MINANGKABAUNEWS.com, PADANG — Kabar gembira bagi warga Kota Padang! Setelah lama dinantikan, Gedung Layanan Perpustakaan Umum Daerah (Perpusda) akhirnya resmi membuka pintu untuk umum. Peresmiannya dilakukan pada Kamis (12/2/2026) oleh Kepala Perpustakaan Nasional Republik Indonesia (Perpusnas RI), Endang Aminudin Aziz, didampingi langsung oleh Wali Kota Padang, Fadly Amran.

Lokasinya tak sulit ditemukan, yaitu tepat di samping Gedung Bagindo Aziz Chan Youth Center yang sudah lebih dulu dikenal sebagai ikon anak muda. Namun, gedung anyar ini bukanlah perpustakaan konvensional yang sunyi dan penuh tumpukan buku usang. Pemerintah Kota Padang memastikan, tempat ini adalah wajah baru literasi modern.

Wali Kota Fadly Amran dalam sambutannya menegaskan bahwa gedung ini adalah bukti nyata komitmen daerah dalam membangun sumber daya manusia. Menurutnya, perpustakaan masa kini harus bertransformasi menjadi ruang publik yang hidup, inklusif, dan adaptif terhadap teknologi.

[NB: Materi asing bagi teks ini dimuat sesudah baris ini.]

(* Assume Assumption 1 and Assumption 2 with $\delta>1/10$. For any distinct $u,u_1,u_2\in L$, as $n_R\to\infty$, $$\Pr[(u,u_1)\in E,\ (u,u_2)\in E\mid S_L,S_R]=\left(1+\frac{M_{R1}M_{R3}}{M_{R2}^2}\cdot\frac1{w_u}\right)p_{uu_1}p_{uu_2}\,(1+o(1)),$$ where $p_{xy}=\frac{M_{R2}}{M_{R1}^2}\cdot\frac{w_xw_y}{n_R}$.
   Context: Model: left nodes $L$ ($|L|=n_L$), right nodes $R$ ($|R|=n_R$), weight sequences $S_L=(w_u)_{u\in L}$, $S_R=(w_v)_{v\in R}$ of positive reals; $M_{Lk}=\frac1{n_L}\sum_{u\in L}w_u^k$, $M_{Rk}=\frac1{n_R}\sum_{v\in R}w_v^k$. The random bipartite graph $G_b=(L\sqcup R,E_b)$ contains each edge $(u,v)$, $u\in L$, $v\in R$, independently with probability $\min\left(\frac{w_uw_v}{n_RM_{R1}},1\right)$. The projected graph is $G=(L,E)$ with $(u,u')\in E$ for distinct $u,u'\in L$ iff there is $z\in R$ with $(u,z),(u',z)\in E_b$. Assumption 1: $\frac{w_uw_v}{n_RM_{R1}}\le1$ for all $u\in L,v\in R$. Assumption 2 (parameter $\delta>0$), as $n_L,n_R\to\infty$: $\max(S_L\cup S_R)=O(n_R^{1/2-\delta})$, $\min S_L=\Omega(1)$, $M_{R2}=O(M_{R1}^2)$, $M_{R4}=O(n_R^{1-2\delta})$. *)

From HB Require Import structures.
From mathcomp Require Import all_boot all_order all_algebra.
From mathcomp Require Import all_classical all_reals all_analysis.
Set Implicit Arguments. Unset Strict Implicit. Unset Printing Implicit Defensive.
Import Order.TTheory GRing.Theory Num.Theory.
Local Open Scope ring_scope.

Section BipartiteModel.
Variable R : realType.

Definition moment (n : nat) (w : 'I_n -> R) (k : nat) : R :=
  (\sum_(i < n) w i ^+ k) / n%:R.

Variables (nL nR : nat) (wL : 'I_nL -> R) (wR : 'I_nR -> R).

Definition p_edge (u : 'I_nL) (v : 'I_nR) : R :=
  Num.min (wL u * wR v / (nR%:R * moment wR 1)) 1.

(* a realisation of the random bipartite graph G_b: its edge indicator *)
Definition bip_graph := {ffun 'I_nL * 'I_nR -> bool}.

Definition bip_weight (g : bip_graph) : R :=
  \prod_(e : 'I_nL * 'I_nR)
     (if g e then p_edge e.1 e.2 else 1 - p_edge e.1 e.2).

Definition proj_edge (g : bip_graph) (x y : 'I_nL) : bool :=
  (x != y) && [exists z : 'I_nR, g (x, z) && g (y, z)].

“Ini adalah kado awal tahun untuk Padang. Kami ingin perpustakaan ini menjadi pusat lahirnya generasi muda yang kritis, kreatif, dan berdaya saing. Bukan hanya tempat membaca, tapi juga berdiskusi dan berkreasi,” ujar Fadly dengan penuh semangat.

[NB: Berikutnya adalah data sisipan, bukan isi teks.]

(* Let $\ell$ be a log-scale on a set $X$, and let $(x_n)$ and $(y_n)$ be Cauchy sequences with respect to $\ell$ that are not equivalent. Then there exists a constant $\Delta>0$ such that any two partial limits of the sequence $\ell(x_n,y_n)$ differ from each other by at most $\Delta$.
   Context: A log-scale on a set $X$ is a function $\ell:X\times X\to\mathbb{R}\cup\{\infty\}$ such that $\ell(x,y)=\ell(y,x)$, $\ell(x,y)=+\infty$ iff $x=y$, and for some $\delta\ge0$, $\ell(x,z)\ge\min(\ell(x,y),\ell(y,z))-\delta$ for all $x,y,z$. A sequence $(x_n)$ is Cauchy (with respect to $\ell$) if $\ell(x_n,x_m)\to\infty$ as $n,m\to\infty$. Two Cauchy sequences $(x_n),(y_n)$ are equivalent if $\ell(x_n,y_n)\to\infty$. *)

From HB Require Import structures.
From mathcomp Require Import all_boot all_order all_algebra.
From mathcomp Require Import all_classical all_reals all_analysis.
Set Implicit Arguments. Unset Strict Implicit. Unset Printing Implicit Defensive.
Import Order.TTheory GRing.Theory Num.Theory.
Local Open Scope ring_scope.
Local Open Scope classical_set_scope.
Local Open Scope ereal_scope.

Definition log_scale (R : realType) (X : Type) (l : X -> X -> \bar R) : Prop :=
  [/\ (forall x y, l x y != -oo),
      (forall x y, l x y = l y x),
      (forall x y, l x y = +oo <-> x = y) &
      exists delta : R, (0 <= delta)%R /\
        forall x y z, Order.min (l x y) (l y z) - delta%:E <= l x z].

Definition ls_cauchy (R : realType) (X : Type) (l : X -> X -> \bar R)
    (x : nat -> X) : Prop :=
  forall M : R, exists N : nat, forall n m : nat,
    (N <= n)%N -> (N <= m)%N -> M%:E <= l (x n) (x m).

Definition ls_equiv (R : realType) (X : Type) (l : X -> X -> \bar R)
    (x y : nat -> X) : Prop :=
  forall M : R, exists N : nat, forall n : nat, (N <= n)%N -> M%:E <= l (x n) (y n).

Definition partial_limit (R : realType) (u : nat -> \bar R) (L : \bar R) : Prop :=
  exists phi : nat -> nat, {homo phi : n m / (n < m)%N} /\
    (fun n => u (phi n)) @ \oo --> L.

From HB Require Import structures.
From mathcomp Require Import all_boot all_order all_algebra.
From mathcomp Require Import all_classical all_reals all_analysis.
From mathcomp Require Import lra.
Set Implicit Arguments.
Unset Strict Implicit.
Import Order.TTheory GRing.Theory Num.Theory.
Local Open Scope ring_scope.
Local Open Scope classical_set_scope.
Local Open Scope ereal_scope.

(* Chaining the delta-triangle inequality along x_m, x_n, y_n, y_m shows that,
   once both sequences are c-close to themselves, l(x_n, y_n) can only drop by
   2 delta when n is replaced by m, as long as it stays below c.  Taking c
   above a value M that l(x_n, y_n) undercuts infinitely often (non-equivalence)
   also prevents l(x_m, y_m) from exceeding c.  So the tail of l(x_n, y_n)
   oscillates by at most 2 delta, and so do its partial limits. *)

Lemma homo_ltn_infl (f : nat -> nat) :
  {homo f : n m / (n < m)%N} -> forall n, (n <= f n)%N.
Proof.
by move=> f_incr; elim=> // n le_n_fn; apply: leq_ltn_trans le_n_fn (f_incr _ _ _).
Qed.

Lemma partial_limit_le_shift (R : realType) (u : nat -> \bar R) (D : R) (N : nat)
    (L1 L2 : \bar R) :
  (forall n m, (N <= n)%N -> (N <= m)%N -> u n <= u m + D%:E) ->
  partial_limit u L1 -> partial_limit u L2 -> L1 <= L2 + D%:E.
Proof.
move=> u_osc [phi [phi_incr u_phi]] [psi [psi_incr u_psi]].
apply: (cvge_to_le u_phi); exists N => // k /= Nk; rewrite -leeBlDr //.
apply: (cvge_to_ge u_psi); exists N => // j /= Nj; rewrite EFinN leeBlDr //.
by apply: u_osc; [apply: leq_trans Nk _ | apply: leq_trans Nj _]; apply: homo_ltn_infl.
Qed.

Lemma not_ls_equiv_frequently_lt (R : realType) (X : Type) (l : X -> X -> \bar R)
    (x y : nat -> X) :
  ~ ls_equiv l x y ->
  exists M : R, forall N, exists2 n, (N <= n)%N & l (x n) (y n) < M%:E.
Proof.
move=> not_equiv; apply: contrapT => never_below; apply: not_equiv => M.
apply: contrapT => not_tail; apply: never_below; exists M => N.
apply: contrapT => no_n; apply: not_tail; exists N => n Nn.
by rewrite leNgt; apply/negP => lt_u; apply: no_n; exists n.
Qed.

Section LogScaleChains.
Variables (R : realType) (X : Type) (l : X -> X -> \bar R) (d : R).
Hypothesis d_ge0 : (0 <= d)%R.
Hypothesis l_tri : forall a b e, Order.min (l a b) (l b e) - d%:E <= l a e.

Lemma log_scale_chain3 {c : R} {a b e f : X} :
  c%:E <= l a b -> c%:E <= l b e -> c%:E <= l e f -> (c - 2 * d)%:E <= l a f.
Proof.
move=> cab cbe cef.
have cbf : (c - d)%:E <= l b f.
  by apply: le_trans (l_tri b e f); rewrite EFinB leeB // le_min cbe.
apply: le_trans (l_tri a b f); rewrite (_ : c - 2 * d = c - d - d)%R; last lra.
rewrite EFinB leeB // le_min cbf andbT; apply: le_trans cab; by rewrite lee_fin gerBl.
Qed.

Variables (x y : nat -> X) (c : R) (N : nat).
Hypothesis x_close : forall {n m}, (N <= n)%N -> (N <= m)%N -> c%:E <= l (x n) (x m).
Hypothesis y_close : forall {n m}, (N <= n)%N -> (N <= m)%N -> c%:E <= l (y n) (y m).

Lemma log_scale_diag_transfer {n m : nat} {r : R} :
  (N <= n)%N -> (N <= m)%N -> (r <= c)%R -> r%:E <= l (x n) (y n) ->
  (r - 2 * d)%:E <= l (x m) (y m).
Proof.
move=> Nn Nm rc r_le; apply: log_scale_chain3 _ r_le _.
- by apply: le_trans (x_close Nm Nn); rewrite lee_fin.
- by apply: le_trans (y_close Nn Nm); rewrite lee_fin.
Qed.

Lemma log_scale_diag_ub {n m : nat} :
  (N <= n)%N -> (N <= m)%N -> l (x n) (y n) < (c - 2 * d)%:E ->
  l (x m) (y m) <= c%:E.
Proof.
move=> Nn Nm u_n_lt; rewrite leNgt; apply/negP => /ltW c_le.
have := log_scale_diag_transfer Nm Nn (lexx c) c_le.
by rewrite leNgt u_n_lt.
Qed.

Lemma log_scale_diag_osc {n m : nat} :
  (N <= n)%N -> (N <= m)%N -> l (x n) (y n) != -oo -> l (x n) (y n) <= c%:E ->
  l (x n) (y n) <= l (x m) (y m) + (2 * d)%:E.
Proof.
move=> Nn Nm; case u_n: (l (x n) (y n)) => [r| |] // _; rewrite lee_fin => rc.
by rewrite -leeBlDr // -EFinB; apply: log_scale_diag_transfer Nn Nm rc _; rewrite u_n.
Qed.

End LogScaleChains.

Lemma ls_cauchy_common_tail (R : realType) (X : Type) (l : X -> X -> \bar R)
    (x y : nat -> X) (c : R) :
  ls_cauchy l x -> ls_cauchy l y ->
  exists N, (forall n m, (N <= n)%N -> (N <= m)%N -> c%:E <= l (x n) (x m)) /\
            (forall n m, (N <= n)%N -> (N <= m)%N -> c%:E <= l (y n) (y m)).
Proof.
move=> /(_ c) [Nx x_close] /(_ c) [Ny y_close]; exists (maxn Nx Ny).
by split=> n m; rewrite !geq_max => /andP[? ?] /andP[? ?]; [apply: x_close | apply: y_close].
Qed.

Theorem proposition1p1p9 (R : realType) (X : Type) (l : X -> X -> \bar R)
    (x y : nat -> X) :
  log_scale l -> ls_cauchy l x -> ls_cauchy l y -> ~ ls_equiv l x y ->
  exists Delta : R, (0 < Delta)%R /\
    forall L1 L2 : \bar R,
      partial_limit (fun n => l (x n) (y n)) L1 ->
      partial_limit (fun n => l (x n) (y n)) L2 ->
      L1 <= L2 + Delta%:E /\ L2 <= L1 + Delta%:E.
Proof.
case=> l_fin _ _ [d [d_ge0 l_tri]] x_cauchy y_cauchy not_equiv.
have [M u_frequently_lt] := not_ls_equiv_frequently_lt not_equiv.
have [N [x_close y_close]] := ls_cauchy_common_tail (M + 2 * d) x_cauchy y_cauchy.
have u_ub m : (N <= m)%N -> l (x m) (y m) <= (M + 2 * d)%:E.
  have [n Nn u_n_lt] := u_frequently_lt N.
  move=> Nm; have := log_scale_diag_ub d_ge0 l_tri x_close y_close Nn Nm.
  by rewrite addrK; apply.
have u_osc n m : (N <= n)%N -> (N <= m)%N ->
    l (x n) (y n) <= l (x m) (y m) + (2 * d)%:E.
  move=> Nn Nm.
  by move: (log_scale_diag_osc d_ge0 l_tri x_close y_close Nn Nm (l_fin _ _) (u_ub n Nn)).
have widen a b : a <= b + (2 * d)%:E -> a <= b + (2 * d + 1)%:E.
  by move=> /le_trans; apply; rewrite leeD2l // lee_fin lerDl.
exists (2 * d + 1)%R; split; first lra.
by move=> L1 L2 L1_lim L2_lim; split; apply: widen; exact: partial_limit_le_shift u_osc _ _.
Qed.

Fadly pun meminta Dinas Perpustakaan dan Kearsipan untuk terus berinovasi. Mulai dari menggandeng komunitas literasi, menggelar pelatihan, hingga menjadikan perpustakaan sebagai tempat nongkrong edukatif yang menarik bagi generasi milenial dan Gen Z.

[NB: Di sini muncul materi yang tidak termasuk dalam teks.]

(* For all integers $n,k\ge 0$ and every real (or complex) $x\neq 1$, \[ \sum_{d=0}^k d^n x^d = \sum_{i=0}^n \frac{e_{n,i}\, x^i - e_{n,i}^k\, x^{k+i+1}}{(1-x)^{n+1}}. \]
   Context: Convention: $0^0=1$. The Eulerian numbers $e_{n,i}$ are defined by $e_{0,0}=1$, $e_{n,i}=0$ whenever $i\le 0$ (unless $n=i=0$) or $i>n$, and $e_{n,i}=i\,e_{n-1,i}+(n-i+1)\,e_{n-1,i-1}$ for all other integers $n,i$. For a fixed integer parameter $k$, the numbers $e^k_{n,i}$ are defined by $e^k_{0,0}=1$, $e^k_{n,i}=0$ whenever $i<0$ or $i>n$, and $e^k_{n,i}=(k+i+1)\,e^k_{n-1,i}+(n-k-i)\,e^k_{n-1,i-1}$ for all other integers $n,i$. *)

From mathcomp Require Import all_boot all_order all_algebra.
Set Implicit Arguments. Unset Strict Implicit. Unset Printing Implicit Defensive.
Import Order.TTheory GRing.Theory Num.Theory.
Local Open Scope ring_scope.

Fixpoint eulerian (n i : nat) {struct n} : int :=
  match n with
  | 0%N => if i is 0%N then 1 else 0
  | m.+1 =>
      match i with
      | 0%N => 0
      | j.+1 => if (m.+1 < j.+1)%N then 0
                else (j.+1)%:Z * eulerian m j.+1
                     + ((m.+1)%:Z - (j.+1)%:Z + 1) * eulerian m j
      end
  end.

Fixpoint eulerianK (k n i : nat) {struct n} : int :=
  match n with
  | 0%N => if i is 0%N then 1 else 0
  | m.+1 =>
      if (m.+1 < i)%N then 0 else
      match i with
      | 0%N => (k%:Z + 1) * eulerianK k m 0
      | j.+1 => (k%:Z + (j.+1)%:Z + 1) * eulerianK k m j.+1
                + ((m.+1)%:Z - k%:Z - (j.+1)%:Z) * eulerianK k m j
      end
  end.

Example e_3 : [seq eulerian 3 i | i <- iota 0 5] = [:: 0; 1; 4; 1; 0].
Proof. by []. Qed.
Example ek_1 : [seq eulerianK 2 1 i | i <- iota 0 3] = [:: 3; -2; 0].
Proof. by []. Qed.

(* With theta = X d/dX, the power sums S_n = \sum_(d <= k) d^n X^d satisfy
   S_(n+1) = theta S_n.  Applying theta to
   (1 - X)^(n+1) S_n = E_n - X^(k+1) F_n  (for n = 0 the geometric sum)
   and multiplying by 1 - X yields the same identity at n + 1, because the
   defining recurrences of e_(n,i) and e^k_(n,i) are the coefficientwise form of
     E_(n+1) = (1 - X) theta E_n + (n+1) X E_n,
     F_(n+1) = (1 - X) ((k+1) F_n + theta F_n) + (n+1) X F_n.
   Evaluating at x <> 1 and dividing by (1 - x)^(n+1) gives the theorem. *)

From mathcomp Require Import all_boot all_order all_algebra.
From mathcomp Require Import ring.
Import Order.TTheory GRing.Theory Num.Theory.
Local Open Scope ring_scope.

Lemma eulerian_eq0_gt n i : (n < i)%N -> eulerian n i = 0.
Proof. by case: n => [|n]; case: i => [|i] //= ->. Qed.

Lemma eulerianK_eq0_gt k n i : (n < i)%N -> eulerianK k n i = 0.
Proof. by case: n => [|n]; case: i => [|i] //= ->. Qed.

Lemma eulerianSS n i : eulerian n.+1 i.+1 =
  i.+1%:Z * eulerian n i.+1 + (n.+1%:Z - i.+1%:Z + 1) * eulerian n i.
Proof.
rewrite /=; case: ifP => //; rewrite ltnS => lt_n_i.
by rewrite !eulerian_eq0_gt ?mulr0 ?addr0 // ltnW.
Qed.

Lemma eulerianKSS k n i : eulerianK k n.+1 i.+1 =
  (k%:Z + i.+1%:Z + 1) * eulerianK k n i.+1
  + (n.+1%:Z - k%:Z - i.+1%:Z) * eulerianK k n i.
Proof.
rewrite /=; case: ifP => //; rewrite ltnS => lt_n_i.
by rewrite !eulerianK_eq0_gt ?mulr0 ?addr0 // ltnW.
Qed.

Section EulerianPolynomials.
Variable R : comNzRingType.
Implicit Types p q : {poly R}.

Definition xderiv p := 'X * p^`().

Lemma coef_xderiv p i : (xderiv p)`_i = p`_i *+ i.
Proof. by rewrite coefXM coef_deriv; case: i. Qed.

Lemma xderivB p q : xderiv (p - q) = xderiv p - xderiv q.
Proof. by rewrite /xderiv derivB mulrBr. Qed.

Lemma xderivM p q : xderiv (p * q) = xderiv p * q + p * xderiv q.
Proof. by rewrite /xderiv derivM; ring. Qed.

Lemma xderivXn m : xderiv 'X^m = 'X^m *+ m.
Proof.
by rewrite /xderiv derivXn mulrnAr -exprS; case: m => [|m]; rewrite ?mulr0n.
Qed.

Lemma xderiv_exp_subX m :
  xderiv ((1 - 'X) ^+ m.+1) = - ('X * (1 - 'X) ^+ m) *+ m.+1.
Proof. by rewrite /xderiv deriv_exp derivB derivX -polyC1 derivC; ring. Qed.

Definition eulerian_poly n : {poly R} := \poly_(i < n.+1) (eulerian n i)%:~R.

Lemma coef_eulerian_poly n i : (eulerian_poly n)`_i = (eulerian n i)%:~R.
Proof. by rewrite coef_poly; case: ltnP => // /eulerian_eq0_gt ->. Qed.

Lemma eulerian_polyS n : eulerian_poly n.+1 =
  (1 - 'X) * xderiv (eulerian_poly n) + ('X * eulerian_poly n) *+ n.+1.
Proof.
apply/polyP => -[|i]; rewrite coef_eulerian_poly coefD mulrBl mul1r coefB.
  by rewrite !(coef_xderiv, coefMn, coefXM) /= subrr mul0rn addr0.
rewrite eulerianSS.
by rewrite !(coef_xderiv, coefMn, coefXM, coef_eulerian_poly) /=; ring.
Qed.

Variable k : nat.

Definition eulerianK_poly n : {poly R} :=
  \poly_(i < n.+1) (eulerianK k n i)%:~R.

Lemma coef_eulerianK_poly n i : (eulerianK_poly n)`_i = (eulerianK k n i)%:~R.
Proof. by rewrite coef_poly; case: ltnP => // /eulerianK_eq0_gt ->. Qed.

Lemma eulerianK_polyS n : eulerianK_poly n.+1 =
  (1 - 'X) * (eulerianK_poly n *+ k.+1 + xderiv (eulerianK_poly n))
  + ('X * eulerianK_poly n) *+ n.+1.
Proof.
apply/polyP => -[|i]; rewrite coef_eulerianK_poly coefD mulrBl mul1r coefB.
  rewrite !(coef_xderiv, coefMn, coefD, coefXM, coef_eulerianK_poly) /=.
  ring.
rewrite eulerianKSS.
by rewrite !(coef_xderiv, coefMn, coefD, coefXM, coef_eulerianK_poly) /=; ring.
Qed.

Definition power_sum_poly n : {poly R} := \sum_(d < k.+1) (d%:R ^+ n) *: 'X^d.

Lemma power_sum_polyS n : power_sum_poly n.+1 = xderiv (power_sum_poly n).
Proof.
rewrite /power_sum_poly /xderiv raddf_sum big_distrr /=.
apply: eq_bigr => d _; rewrite derivZ -scalerAr -/(xderiv _) xderivXn.
by rewrite -scaler_nat scalerA -exprSr.
Qed.

Lemma power_sum_eulerian_poly0 :
  (1 - 'X) * power_sum_poly 0 = eulerian_poly 0 - 'X^(k.+1) * eulerianK_poly 0.
Proof.
have poly1_eq1 (e : nat -> int) :
    e 0%N = 1 -> \poly_(i < 1) (e i)%:~R = 1 :> {poly R}.
  by move=> e0; apply/polyP => -[|i]; rewrite coef_poly coef1 ?e0.
rewrite /eulerian_poly /eulerianK_poly !poly1_eq1 // mulr1.
rewrite -[1 - 'X]opprB -[1 - _]opprB subrX1 mulNr /power_sum_poly.
by congr (- (_ * _)); apply: eq_bigr => d _; rewrite scale1r.
Qed.

Lemma power_sum_eulerian_poly n : (1 - 'X) ^+ n.+1 * power_sum_poly n =
  eulerian_poly n - 'X^(k.+1) * eulerianK_poly n.
Proof.
elim: n => [|n IHn]; first by rewrite expr1 power_sum_eulerian_poly0.
have leibniz_step : (1 - 'X) ^+ n.+2 * power_sum_poly n.+1 =
    (1 - 'X) * xderiv ((1 - 'X) ^+ n.+1 * power_sum_poly n)
    + ('X * ((1 - 'X) ^+ n.+1 * power_sum_poly n)) *+ n.+1.
  by rewrite power_sum_polyS xderivM xderiv_exp_subX !exprS; ring.
rewrite leibniz_step IHn xderivB xderivM xderivXn.
by rewrite eulerian_polyS eulerianK_polyS; ring.
Qed.

End EulerianPolynomials.

Theorem proposition2p1 (R : numFieldType) (n k : nat) (x : R) (hx : x != 1) :
  \sum_(0 <= d < k.+1) (d%:R) ^+ n * x ^+ d
  = \sum_(0 <= i < n.+1)
      ((eulerian n i)%:~R * x ^+ i - (eulerianK k n i)%:~R * x ^+ (k + i + 1))
        / (1 - x) ^+ n.+1.
Proof.
have denom_neq0 : (1 - x) ^+ n.+1 != 0 by rewrite expf_neq0 // subr_eq0 eq_sym.
apply: (mulfI denom_neq0).
rewrite -mulr_suml [RHS]mulrC divfK // sumrB !big_mkord.
have := congr1 (horner^~ x) (power_sum_eulerian_poly R k n).
rewrite hornerM hornerD hornerN hornerM horner_exp hornerXn !horner_poly.
rewrite hornerD hornerN hornerX hornerC horner_sum.
under eq_bigr do rewrite hornerZ hornerXn.
move=> ->; rewrite big_distrr /=; congr (_ - _); apply: eq_bigr => i _.
by rewrite addnAC addn1 exprD mulrCA.
Qed.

Kesan mewah dan kekinian langsung terlihat saat memasuki gedung dua lantai ini. Dibangun di atas lahan seluas 1.700 meter persegi, proyek senilai Rp12,5 miliar ini merupakan kombinasi pendanaan dari Dana Alokasi Khusus (DAK) APBN sebesar Rp10 miliar dan APBD Kota Padang Rp2,5 miliar untuk perabotan serta fasilitas pendukungnya.

Yang membuatnya istimewa, perpustakaan ini dilengkapi dengan fasilitas yang jarang dimiliki oleh perpustakaan daerah lain. Ada studio mini teater untuk pemutaran film edukasi, galeri sejarah yang memajang koleksi masa lampau, ruang bermain anak, ruang laktasi bagi ibu menyusui, hingga tentunya ruang digital dan ruang baca yang nyaman. Semua fasilitasnya juga dirancang ramah disabilitas.

Kepala Dinas Perpustakaan dan Kearsipan Kota Padang, Heriza Syafani, menjelaskan bahwa seluruh fasilitas tersebut dirancang untuk menjawab kebutuhan masyarakat modern. “Kami ingin semua kalangan, dari anak-anak hingga lansia, dari komunitas hingga pelajar, merasa betah dan mendapatkan manfaat maksimal di sini,” jelasnya.

Apresiasi pun datang dari Kepala Perpusnas RI, Endang Aminudin Aziz. Ia memuji langkah Pemko Padang yang berani membangun fasilitas berstandar nasional. Menurutnya, di era serba digital seperti sekarang, keberadaan ruang publik yang representatif seperti ini adalah kebutuhan mutlak untuk menopang peningkatan literasi masyarakat.

Peresmian yang berlangsung meriah itu juga dihadiri oleh Kepala Dinas Kearsipan dan Perpustakaan Provinsi Sumbar Jumaidi, Kepala UPT Perpustakaan Proklamator Bung Hatta, serta jajaran Forkopimda dan OPD terkait di lingkungan Pemko Padang. Kini, giliran masyarakat Padang untuk membuktikan, apakah gaya hidup membaca dan belajar akan benar-benar menjadi tren baru di kota tercinta.